4.4De rechtbank stelt verder vast dat de aangevraagde activiteiten waarover verweerder wèl een besluit heeft genomen (de aanleg van werken of werkzaamheden en het aanleggen van een uitrit) en de (impliciet) aangevraagde activiteit waarover verweerder dat niet heeft gedaan (het gebruiken van gronden in strijd met bestemmingsplan), onlosmakelijk met elkaar samenhangen als bedoeld in artikel 2.7 van de Wabo. Op deze drie activiteiten had verweerder dan ook in samenhang moeten besluiten. Dat heeft verweerder ten onrechte niet gedaan.
Conclusie en verdere besluitvorming door verweerder
5. Omdat verweerder niet volledig op de aanvraag heeft beslist, kan het bestreden besluit niet in stand blijven. Het beroep is gegrond. Het bestreden besluit is in strijd met de artikelen 3:2 en 7:12, eerste lid, van de Algemene wet bestuursrecht (Awb).
6. De rechtbank komt om die reden niet toe aan de inhoudelijke bespreking van de (overige) beroepsgronden van eiser.
7. De rechtbank ziet in dit geval geen mogelijkheid om dit gebrek te passeren of een bestuurlijke lus toe te passen omdat er (nog) geen besluit van verweerder op de (impliciete) aanvraag om een omgevingsvergunning voor gebruik in strijd met het bestemmingsplan is genomen. Verweerder moet dan ook alsnog op de drie aangevraagde activiteiten in samenhang een besluit nemen.
8. Wanneer verweerder bij de beoordeling van de aanvraag tot de conclusie komt dat de omgevingsvergunning niet met toepassing van de zogenoemde kruimelregeling kan worden vergund, moet verweerder alsnog voor de drie aangevraagde samenhangende activiteiten de uitgebreide openbare voorbereidingsprocedure (afdeling 3.4 van de Awb) volgen, ook wanneer verweerder van plan is de omgevingsvergunning te weigeren.Verweerder moet in dat geval het primaire besluit van 8 maart 2022 herroepen en tegelijkertijd een ontwerpbesluit ter inzage leggen voor alle aangevraagde activiteiten. Eiser kan dan een zienswijze indienen.
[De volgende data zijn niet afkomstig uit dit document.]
(* Let $d\geq 2$. If $\rho=\sum_{0\le i\le j<d}p_{ij}\ket{D_{ij}}\bra{D_{ij}}$ is an extremal point of the convex set of separable diagonal symmetric states on $\mathbb{C}^d\otimes\mathbb{C}^d$, then $p_{ij}=2\sqrt{p_{ii}p_{jj}}$ for all $0\le i<j<d$.
   Context: Let $\{\ket{0},\dots,\ket{d-1}\}$ be the computational basis of $\mathbb{C}^d$. Define $\ket{D_{ii}}=\ket{ii}$ and, for $i<j$, $\ket{D_{ij}}=(\ket{ij}+\ket{ji})/\sqrt{2}$. A state $\rho$ on $\mathbb{C}^d\otimes\mathbb{C}^d$ is diagonal symmetric (DS) if $\rho=\sum_{0\le i\le j<d}p_{ij}\ket{D_{ij}}\bra{D_{ij}}$ with $p_{ij}\ge 0$ and $\sum_{i\le j}p_{ij}=1$. A state is separable if it is a convex combination of product states $\rho^A\otimes\rho^B$. An extremal point of a convex set is an element that cannot be written as a nontrivial convex combination of two other elements of the set. *)

(* real numbers R : realType (MathComp-Analysis),
   complex numbers R[i] (mathcomp-real-closed), tensor product of matrices
   A *t B (mathcomp-real-closed mxtens, Kronecker product, row-major index
   i*n+j for the basis vector |i> (x) |j>). *)
From HB Require Import structures.
From mathcomp Require Import all_boot all_order all_algebra.
From mathcomp Require Import all_reals.
From mathcomp.real_closed Require Import complex mxtens.
Set Implicit Arguments. Unset Strict Implicit. Unset Printing Implicit Defensive.
Import Order.TTheory GRing.Theory Num.Theory.
Local Open Scope ring_scope.
Local Open Scope complex_scope.

Definition adjmx (R : rcfType) (m n : nat) (A : 'M[R[i]]_(m, n)) : 'M[R[i]]_(n, m) :=
  (map_mx Num.conj A)^T.

Definition psd (R : rcfType) (n : nat) (A : 'M[R[i]]_n) : Prop :=
  adjmx A = A /\ forall v : 'cV[R[i]]_n, 0 <= (adjmx v *m A *m v) 0 0.

Definition density (R : rcfType) (n : nat) (A : 'M[R[i]]_n) : Prop :=
  psd A /\ \tr A = 1.

Definition ket (R : rcfType) (d : nat) (k : 'I_d) : 'cV[R[i]]_d := delta_mx k 0.

Definition proj (R : rcfType) (n : nat) (v : 'cV[R[i]]_n) : 'M[R[i]]_n := v *m adjmx v.

Definition Dket (R : rcfType) (d : nat) (a b : 'I_d) : 'cV[R[i]]_(d * d) :=
  if a == b then ket R a *t ket R b
  else ((Num.sqrt (2 : R))^-1)%:C *: (ket R a *t ket R b + ket R b *t ket R a).

Definition DSmx (R : rcfType) (d : nat) (p : 'I_d -> 'I_d -> R) : 'M[R[i]]_(d * d) :=
  \sum_(a < d) \sum_(b < d | (a <= b)%N) (p a b)%:C *: proj (@Dket R d a b).

Definition DS_coeffs (R : rcfType) (d : nat) (p : 'I_d -> 'I_d -> R) : Prop :=
  (forall a b : 'I_d, (a <= b)%N -> 0 <= p a b) /\
  \sum_(a < d) \sum_(b < d | (a <= b)%N) p a b = 1.
Definition lerch_weight (y : R) (m n : nat) : R := / (INR n + (1 - y)) ^ m + / (INR n + y) ^ m.

Lemma inv_pow_shift_decr (c : R) (m n : nat) :
  0 < c -> (1 <= m)%nat -> / (INR (S n) + c) ^ m < / (INR n + c) ^ m.
Proof.
  intros Hc Hm. rewrite S_INR. pose proof (pos_INR n).
  apply Rinv_lt_contravar; [apply Rmult_lt_0_compat; apply pow_lt; lra|].
  destruct m as [|m]; [lia|]. simpl.
  assert ((INR n + c) ^ m <= (INR n + 1 + c) ^ m) by (apply pow_incr; lra).
  assert (0 < (INR n + c) ^ m) by (apply pow_lt; lra).
  nra.
Qed.

Lemma odd_weight_inv_pow_shift_decr (c : R) (m n : nat) :
  0 < c <= 1 -> (2 <= m)%nat ->
  (2 * INR (S n) + 1) * / (INR (S n) + c) ^ m < (2 * INR n + 1) * / (INR n + c) ^ m.
Proof.
  intros Hc Hm. rewrite S_INR. pose proof (pos_INR n).
  set (u := INR n + c). replace (INR n + 1 + c) with (u + 1) by (unfold u; ring).
  assert (Hu : 0 < u <= INR n + 1) by (unfold u; lra).
  replace m with (2 + (m - 2))%nat by lia. rewrite !pow_add. set (k := (m - 2)%nat).
  assert (Hk : u ^ k <= (u + 1) ^ k) by (apply pow_incr; lra).
  assert (Hk0 : 0 < u ^ k) by (apply pow_lt; lra).
  (* The case m = 2 carries the inequality, thanks to u <= n + 1. *)
  assert (Hsq : (2 * (INR n + 1) + 1) * u ^ 2 < (2 * INR n + 1) * (u + 1) ^ 2) by nra.
  assert (0 < (u + 1) ^ 2 * (u + 1) ^ k) by (apply Rmult_lt_0_compat; apply pow_lt; lra).
  assert (0 < u ^ 2 * u ^ k) by (apply Rmult_lt_0_compat; apply pow_lt; lra).
  apply (Rmult_lt_reg_r (((u + 1) ^ 2 * (u + 1) ^ k) * (u ^ 2 * u ^ k))); [nra|].
  field_simplify; [|lra..].
  assert (0 <= (2 * INR n + 1) * (u + 1) ^ 2) by (apply Rmult_le_pos; [lra | apply pow2_ge_0]).
  nra.
Qed.

Lemma lerch_weight_decr (y : R) (m n : nat) :
  0 < y < 1 -> (1 <= m)%nat -> lerch_weight y m (S n) < lerch_weight y m n.
Proof.
  intros Hy Hm. unfold lerch_weight.
  pose proof (inv_pow_shift_decr (1 - y) m n ltac:(lra) Hm).
  pose proof (inv_pow_shift_decr y m n ltac:(lra) Hm). lra.
Qed.

Lemma odd_weight_lerch_weight_decr (y : R) (m n : nat) :
  0 < y < 1 -> (2 <= m)%nat ->
  odd_weight (lerch_weight y m) (S n) < odd_weight (lerch_weight y m) n.
Proof.
  intros Hy Hm. unfold odd_weight, lerch_weight. rewrite !Rmult_plus_distr_l.
  pose proof (odd_weight_inv_pow_shift_decr (1 - y) m n ltac:(lra) Hm).
  pose proof (odd_weight_inv_pow_shift_decr y m n ltac:(lra) Hm). lra.
Qed.

Lemma lerch_weight_nonneg (y : R) (m n : nat) : 0 < y < 1 -> 0 <= lerch_weight y m n.
Proof.
  intros Hy. pose proof (pos_INR n). unfold lerch_weight.
  apply Rplus_le_le_0_compat; left; apply Rinv_0_lt_compat, pow_lt; lra.
Qed.

Lemma odd_weight_nonneg (w : nat -> R) (n : nat) :
  (forall j, 0 <= w j) -> 0 <= odd_weight w n.
Proof.
  intros Hw. pose proof (pos_INR n). apply Rmult_le_pos; [lra | apply Hw].
Qed.

Lemma filterlim_C_pair (u v : nat -> R) (a b : R) :
  is_lim_seq u a -> is_lim_seq v b ->
  filterlim (fun n => (u n, v n) : C) eventually (locally ((a, b) : C)).
Proof.
  intros Hu Hv P [eps HP].
  apply is_lim_seq_spec in Hu, Hv.
  destruct (Hu eps) as [Nu HNu], (Hv eps) as [Nv HNv].
  exists (max Nu Nv). intros n Hn. apply HP. split; [apply HNu | apply HNv]; lia.
Qed.

(* Real part of e^{-i theta} times the n-th term of H(lam, x, m). *)
Definition lerch_cos (lam x theta : R) (m : nat) (n : Z) : R :=
  cos (2 * PI * lam * IZR n - theta) / (IZR n - x) ^ m.

Lemma lerch_term_components (lam x : R) (m : nat) (n : Z) :
  IZR n - x <> 0 ->
  lerch_term lam x m n = (lerch_cos lam x 0 m n, lerch_cos lam x (PI / 2) m n).
Proof.
  intros Hn. assert (Hp : (IZR n - x) ^ m <> 0) by (apply pow_nonzero; exact Hn).
  unfold lerch_term, lerch_cos, cexpi, Cdiv, Cmult, Cinv, RtoC; simpl.
  rewrite Rminus_0_r, cos_minus, cos_PI2, sin_PI2.
  apply injective_projections; simpl; field; exact Hp.
Qed.

Lemma lerch_psum_components (lam x : R) (m N : nat) :
  (forall k : Z, x <> IZR k) ->
  lerch_psum lam x m N =
  (zsum_sym (lerch_cos lam x 0 m) N, zsum_sym (lerch_cos lam x (PI / 2) m) N).
Proof.
  intros Hx. assert (Hn : forall n, IZR n - x <> 0) by (intros n E; apply (Hx n); lra).
  induction N as [|N IH]; simpl; rewrite ?IH, !lerch_term_components by auto; reflexivity.
Qed.

Lemma is_H_components (lam x : R) (m : nat) (a b : R) :
  (forall k : Z, x <> IZR k) ->
  is_zseries (lerch_cos lam x 0 m) a -> is_zseries (lerch_cos lam x (PI / 2) m) b ->
  is_H lam x m (a, b).
Proof.
  intros Hx Ha Hb. unfold is_H.
  eapply filterlim_ext; [intros N; symmetry; apply lerch_psum_components, Hx|].
  apply filterlim_C_pair; apply is_lim_seq_zsum_sym; assumption.
Qed.

Lemma lerch_cos_rotate (lam x theta : R) (m : nat) (n : Z) :
  lerch_cos lam x theta m n =
  cos theta * lerch_cos lam x 0 m n + sin theta * lerch_cos lam x (PI / 2) m n.
Proof.
  unfold lerch_cos. rewrite !cos_minus, cos_0, sin_0, cos_PI2, sin_PI2. unfold Rdiv. ring.
Qed.

Lemma ex_zseries_lerch_cos (lam x theta : R) (m : nat) :
  (forall k : Z, x <> IZR k) -> (2 <= m)%nat ->
  exists l, is_zseries (lerch_cos lam x theta m) l.
Proof.
  intros Hx Hm. apply (ex_zseries_dominated _ x m Hx Hm). intros n.
  assert (Hn : 0 < Rabs (IZR n - x)) by (apply Rabs_pos_lt; intros E; apply (Hx n); lra).
  unfold lerch_cos, Rdiv. rewrite Rabs_mult, Rabs_inv, <- RPow_abs.
  assert (0 < / Rabs (IZR n - x) ^ m) by (apply Rinv_0_lt_compat, pow_lt; exact Hn).
  pose proof (Rabs_pos (cos (2 * PI * lam * IZR n - theta))).
  assert (Rabs (cos (2 * PI * lam * IZR n - theta)) <= 1) by (apply Rabs_le, COS_bound).
  nra.
Qed.

Lemma lerch_cos_pairs (lam y beta : R) (k : Z) (m : nat) (l : R) :
  is_zseries (lerch_cos lam (IZR k + y) (2 * PI * lam * IZR k + PI * lam - beta) m) l ->
  is_series (fun n => cos ((2 * INR n + 1) * (PI * lam) + beta) / (INR n + (1 - y)) ^ m
                    + cos (beta - (2 * INR n + 1) * (PI * lam)) / (- (INR n + y)) ^ m) l.
Proof.
  intros H. eapply is_series_ext; [|exact (is_zseries_pairs_at _ _ k H)].
  intros n. unfold lerch_cos. rewrite plus_IZR, minus_IZR, <- !INR_IZR_INZ, S_INR.
  f_equal; f_equal; f_equal; ring.
Qed.

Lemma pow_opp (a : R) (m : nat) : (- a) ^ m = (-1) ^ m * a ^ m.
Proof. rewrite <- Rpow_mult_distr. f_equal. ring. Qed.

Lemma cos_pair_even (t a b : R) (p : nat) :
  cos (t + 0) / a ^ (2 * p) + cos (0 - t) / (- b) ^ (2 * p)
  = cos t * (/ a ^ (2 * p) + / b ^ (2 * p)).
Proof.
  rewrite Rplus_0_r, Rminus_0_l, cos_neg, pow_opp, pow_1_even, Rmult_1_l. unfold Rdiv. ring.
Qed.

Lemma cos_pair_odd (t a b : R) (p : nat) :
  cos (t + - (PI / 2)) / a ^ (2 * p + 1) + cos (- (PI / 2) - t) / (- b) ^ (2 * p + 1)
  = sin t * (/ a ^ (2 * p + 1) + / b ^ (2 * p + 1)).
Proof.
  replace (2 * p + 1)%nat with (S (2 * p)) by lia.
  rewrite cos_plus, cos_minus, cos_neg, sin_neg, cos_PI2, sin_PI2, pow_opp, pow_1_odd.
  replace (-1 * b ^ S (2 * p)) with (- b ^ S (2 * p)) by ring.
  unfold Rdiv. rewrite Rinv_opp. ring.
Qed.
(* Let $\Sigma$ be an alphabet, $\triangleleft\notin\Sigma$, and let $L\subseteq\Sigma^*$ be a context-free language all of whose strings have length at least $2$. Then there exists a pop-normalized MPDA $\mathcal A$ with $L(\mathcal A)=\mathrm{Next}(L)$.
   Context: $\mathrm{Next}(L)=\bigcup_{n\in\mathbb N}\{\langle\sigma_2,\sigma_1\rangle\cdots\langle\sigma_n,\sigma_{n-1}\rangle\langle\triangleleft,\sigma_n\rangle\mid\sigma_1,\dots,\sigma_n\in\Sigma,\ \sigma_1\cdots\sigma_n\in L\}$, a language over $(\Sigma\cup\{\triangleleft\})\times\Sigma$. A Moore push-down automaton (MPDA) is $\mathcal A=(Q,\Delta,\Gamma,\delta,\tau,I,F)$ with finite sets $Q$ (states), $\Delta$ (input symbols), $\Gamma$ (stack symbols), transitions $\delta\subseteq(Q\times\Gamma^{\le1}\times\Gamma^{\le1}\times Q)\setminus(Q\times\Gamma\times\Gamma\times Q)$ with $\Gamma^{\le1}=\{\varepsilon\}\cup\Gamma$, output function $\tau:Q\to\Delta$, and $I,F\subseteq Q$. Configurations $\langle q,\alpha\rangle\in Q\times\Gamma^*$; moves $\langle q,\gamma\alpha\rangle\vdash\langle q',\gamma'\alpha\rangle$ for $(q,\gamma,\gamma',q')\in\delta$ whenever $\gamma\alpha\ne\varepsilon$. Initial configurations: $q\in I$, $\alpha\in\Gamma$; final: $q\in F$, $\alpha=\varepsilon$. $L(\mathcal A)$ is the set of $\tau(q_0)\cdots\tau(q_n)$ for runs $\langle q_0,\alpha_0\rangle\vdash\cdots\vdash\langle q_n,\alpha_n\rangle$ from an initial to a final configuration. Pop-normalized: there is $\mathrm{return}:\Gamma\to Q$ with $q'=\mathrm{return}(\gamma)$ for every $(q,\gamma,\varepsilon,q')\in\delta$, $\gamma\in\Gamma$. *)

From mathcomp Require Import all_boot.
Set Implicit Arguments. Unset Strict Implicit. Unset Printing Implicit Defensive.

Record CFG (Sigma : finType) := {
  cfg_N : finType;
  cfg_start : cfg_N;
  cfg_prods : seq (cfg_N * seq (cfg_N + Sigma))%type
}.

Section Gen.
Variables (Sigma : finType) (G : CFG Sigma).

Inductive gen_sym : (cfg_N G + Sigma)%type -> seq Sigma -> Prop :=
| gen_term (a : Sigma) : gen_sym (inr a) [:: a]
| gen_nonterm (A : cfg_N G) (rhs : seq (cfg_N G + Sigma)) (w : seq Sigma) :
    (A, rhs) \in cfg_prods G -> gen_seq rhs w -> gen_sym (inl A) w
with gen_seq : seq (cfg_N G + Sigma) -> seq Sigma -> Prop :=
| gen_nil : gen_seq [::] [::]
| gen_cons X s u v : gen_sym X u -> gen_seq s v -> gen_seq (X :: s) (u ++ v).

Definition cfg_lang (w : seq Sigma) : Prop := gen_sym (inl (cfg_start G)) w.
End Gen.

Definition is_context_free (Sigma : finType) (L : seq Sigma -> Prop) : Prop :=
  exists G : CFG Sigma, forall w, L w <-> cfg_lang G w.

(* ---------- Next(L) ----------
   The fresh symbol "triangleleft" is represented by [None] in [option Sigma].
   For w = s1 ... sn, next_word w = <s2,s1> ... <sn,s_{n-1}> <None,sn>. *)
Definition next_word (Sigma : Type) (w : seq Sigma) : seq (option Sigma * Sigma) :=
  zip (rcons (map Some (behead w)) None) w.

Definition Next (Sigma : Type) (L : seq Sigma -> Prop)
  (u : seq (option Sigma * Sigma)) : Prop :=
  exists w, L w /\ u = next_word w.

Definition oseq (T : Type) (g : option T) : seq T :=
  if g is Some x then [:: x] else [::].

Record MPDA (Delta : Type) := {
  mp_Q : finType;
  mp_Gamma : finType;
  mp_delta : {set mp_Q * option mp_Gamma * option mp_Gamma * mp_Q};
  mp_delta_wf : forall q g g' q', (q, Some g, Some g', q') \notin mp_delta;
  mp_tau : mp_Q -> Delta;
  mp_I : {set mp_Q};
  mp_F : {set mp_Q}
}.

Section MPDASem.
Variables (Delta : Type) (A : MPDA Delta).

Definition config := (mp_Q A * seq (mp_Gamma A))%type.

Definition mp_step (c c' : config) : Prop :=
  exists q g g' q' (al : seq (mp_Gamma A)),
    (q, g, g', q') \in mp_delta A /\ oseq g ++ al <> [::] /\
    c = (q, oseq g ++ al) /\ c' = (q', oseq g' ++ al).

Fixpoint is_run (c : config) (cs : seq config) : Prop :=
  if cs is c' :: cs' then mp_step c c' /\ is_run c' cs' else True.

Definition initial_config (c : config) : Prop :=
  c.1 \in mp_I A /\ size c.2 = 1.

Definition final_config (c : config) : Prop :=
  c.1 \in mp_F A /\ c.2 = [::].

Definition mp_lang (u : seq Delta) : Prop :=
  exists (c0 : config) (cs : seq config),
    initial_config c0 /\ is_run c0 cs /\ final_config (last c0 cs) /\
    u = map (fun c : config => @mp_tau _ A c.1) (c0 :: cs).

Definition pop_normalized : Prop :=
  exists ret : mp_Gamma A -> mp_Q A,
    forall q g q', (q, Some g, None, q') \in mp_delta A -> q' = ret g.
End MPDASem.

(* In a derivation of a word a c ... from the start
   symbol S, the first letter a sits at the bottom of a left spine of S, and the
   rest of the word is derived by the parts of the productions to the right of
   that spine, i.e. by the rests of a chain of dotted items. Reading this right
   context letter by letter unfolds it into a tree of frames (a nonterminal
   with its current item) in which each node reads one letter and has at most
   two children: a grammar in quadratic Greibach normal form, with one start
   frame per first letter. A pushdown automaton traverses such a tree in
   preorder, moving to the first child and pushing the state for the second.
   Its state holds the letter just read together with the next one, so it
   outputs exactly the pairs of Next(L), and it emits the final pair with the
   end marker when it pops the bottom of the stack; since the initial state
   already holds two letters, words must have length at least 2. Stack symbols
   are states and popping one resumes it, so the automaton is pop-normalized. *)

From mathcomp Require Import all_boot boolp zify.
From Pilot Require Import Defs.
Set Implicit Arguments. Unset Strict Implicit. Unset Printing Implicit Defensive.

Fixpoint next_pairs (T : Type) (p : T) (s : seq T) : seq (option T * T) :=
  if s is c :: s' then (Some c, p) :: next_pairs c s' else [::].

Lemma next_pairs_cat (T : Type) (p : T) s1 s2 :
  next_pairs p (s1 ++ s2) = next_pairs p s1 ++ next_pairs (last p s1) s2.
Proof. by elim: s1 p => //= c s1 IH p; rewrite IH. Qed.

Lemma next_word_pairs (T : Type) (p : T) s :
  next_word (p :: s) = rcons (next_pairs p s) (None, last p s).
Proof. by elim: s p => //= c s IH p; rewrite -IH. Qed.

Section Reach.
Variables (Delta : Type) (A : MPDA Delta).
Local Notation config := (config A).
Local Notation out := (fun c : config => mp_tau c.1).

(* [t] lists the outputs of the configurations of the run except the last, [y]. *)
Inductive reach : config -> config -> seq Delta -> Prop :=
| reach_refl x : reach x x [::]
| reach_step x y z t : mp_step x y -> reach y z t -> reach x z (mp_tau x.1 :: t).

Lemma reach_trans x y z t1 t2 : reach x y t1 -> reach y z t2 -> reach x z (t1 ++ t2).
Proof. by elim=> // x0 y0 z0 t Hs _ IH /IH; apply: reach_step. Qed.

Lemma is_run_reach x cs : is_run x cs -> reach x (last x cs) (map out (belast x cs)).
Proof.
elim: cs x => [|y cs IH] x /=; first by move=> _; apply: reach_refl.
by case=> Hs /IH; apply: reach_step.
Qed.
9. Ter zitting heeft derde-partij zich op het standpunt gesteld dat in de uitgebreide procedure een verklaring van geen bedenkingen (vvgb) van de gemeenteraad niet nodig is als verweerder voornemens is om de gevraagde omgevingsvergunning te weigeren. De rechtbank merkt in dit verband op dat dit standpunt in zijn algemeenheid onjuist is. Verweerder moet ook wanneer hij de omgevingsvergunning wil weigeren in beginsel een vvgb vragen bij de gemeenteraad. Verweerder kan wel een omgevingsvergunning weigeren zonder een vvgb te hebben gevraagd, indien hij de weigering baseert op een andere weigeringsgrond dan de weigeringsgrond waarop de vvgb ziet. Ook indien de gemeenteraad gebruik heeft gemaakt van de mogelijkheid als bedoeld in artikel 6.5, derde lid, van het Besluit omgevingsrecht door categorieën van gevallen aan te wijzen waarin een vvgb niet is vereist, kan het college de omgevingsvergunning weigeren zonder eerst de gemeenteraad om een vvgb te vragen.
10. Verweerder heeft ter zitting gezegd dat hij ten tijde van het bestreden besluit I het belang van het behoud van het weidevogelgebied zwaarwegender heeft geacht dan het belang van eiser, onder meer omdat eiser de noodzaak voor een andere ontsluiting van zijn bedrijf naar de mening van verweerder niet concreet genoeg heeft onderbouwd. Verweerder sluit evenwel niet uit dat deze afweging op een later moment, afhankelijk van de dan voorhanden zijnde informatie, anders zou kunnen uitpakken. Verder heeft eiser ter zitting toegelicht dat in opdracht van de provincie recent een weidevogelanalyse is uitgevoerd in de polder Mijzen en dat er op dit moment door de provincie beleid wordt ontwikkeld waarbij mogelijk (ook) ter plaatse van het perceel meer verstoring van het weidevogelleefgebied mogelijk wordt gemaakt. Gelet hierop acht de rechtbank het aangewezen dat verweerder - voordat hij opnieuw beslist over het wel of niet verlenen van de gevraagde omgevingsvergunning - eiser in de gelegenheid stelt zijn standpunt door het indienen van een zienswijze of op andere wijze nader te onderbouwen.